Adaptive filtering of satellite gravity gradiometry data for global gravity field modeling
20/09/2016 | 10:30 | Session 2: Computational Methods
Author(s): Dimitrios Piretzidis and Michael Sideris
Dimitrios Piretzidis and Michael Sideris
The European Space Agency’s Gravity Field and Steady-State Ocean Circulation Explorer (GOCE) satellite mission has provided precise gravity gradient measurements, resulting in more accurate geopotential models, especially in the medium and high part of the frequency spectrum. Before estimating the spherical harmonic coefficients of a geopotential model, filtering techniques should be applied to the gravity data to attenuate the measurement noise. This study deals with the implementation and testing of two adaptive filtering algorithms, i.e., the Least Mean-Squared (LMS) and the Recursive Least-Squares (RLS) algorithms, on preprocessed GOCE gravity gradients for precise gravity field modeling. The structure of the filter used in both algorithms is similar to a Wiener filter. The six components of the gravity gradient tensor are filtered using prior gravity field information. This information is derived from the GOCE-only geopotential model TIM-R5 and serves as the desired signal for the adaptive Wiener filtering.
Before applying the filtering in the LMS method, the algorithm should be tuned by deriving suitable filtering parameters (i.e., step-size parameter and filter order). The RLS algorithm is tuned only for the filter order. Time- and frequency-domain analysis shows that both algorithms effectively filter the noise contained in the high frequencies of the GOCE measurements. The RLS algorithm might appear a more appealing choice due to the fact that does not require a step-size parameter and the Wiener filter coefficients converge faster, however it is computationally much more intensive than the LMS. The LMS algorithm provides more stable impulse responses, as long as the filtering parameters do not lead to a divergence of the filter coefficients.

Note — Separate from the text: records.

Arguments sub : clear implicits.
Arguments subv {G S E}.
Arguments sube {G S E}.
Arguments subv_inj {G S E}.
Arguments sube_inj {G S E}.

Lemma inside_map A B (SA : {set 'I_(nv A)}) (SB : {set 'I_(nv B)})
    (f : 'I_(nv A) -> 'I_(nv B)) ea eb :
  same_ends (ends B eb) (mapp f (ends A ea)) -> inside SA ea ->
  (forall x, x \in SA -> f x \in SB) -> inside SB eb.
Proof.
rewrite /inside; case: (ends A ea) (ends B eb) => a b [c d] /=.
by case/same_endsP => [] [-> ->] /andP [a_S b_S] f_S; rewrite !f_S.
Qed.

Lemma inside_comap A B (SA : {set 'I_(nv A)}) (SB : {set 'I_(nv B)})
    (f : 'I_(nv A) -> 'I_(nv B)) ea eb :
  same_ends (ends B eb) (mapp f (ends A ea)) -> inside SB eb ->
  (forall x, f x \in SB -> x \in SA) -> inside SA ea.
Proof.
rewrite /inside; case: (ends A ea) (ends B eb) => a b [c d] /=.
by case/same_endsP => [] [-> ->] /andP [a_S b_S] f_S; rewrite !f_S.
Qed.

Section SubgraphMaps.
Variables (G1 G2 : mgraph) (S1 : {set 'I_(nv G1)}) (E1 : {set 'I_(ne G1)}).
Variables (S2 : {set 'I_(nv G2)}) (E2 : {set 'I_(ne G2)}).

Lemma sub_vmap (h : 'I_(nv G1) -> 'I_(nv G2)) : (forall x, x \in S1 -> h x \in S2) ->
  exists h' : 'I_(nv (sub G1 S1 E1)) -> 'I_(nv (sub G2 S2 E2)),
    forall x, subv (h' x) = h (subv x).
Proof.
move=> h_S; exists (fun x => enum_rank (exist _ (h (subv x)) (h_S _ (subvS x)))) => x.
by rewrite /subv /= enum_rankK.
Qed.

The Wiener filter is extensively used for filtering gravity gradients and estimating geopotential model coefficients, especially using the space-wise approach. With the implementation of adaptive Wiener filtering techniques, the calculation and inversion of large matrices that is required in typical stochastic and spectral methods such as the least squares collocation can be avoided, resulting in more computationally efficient algorithms.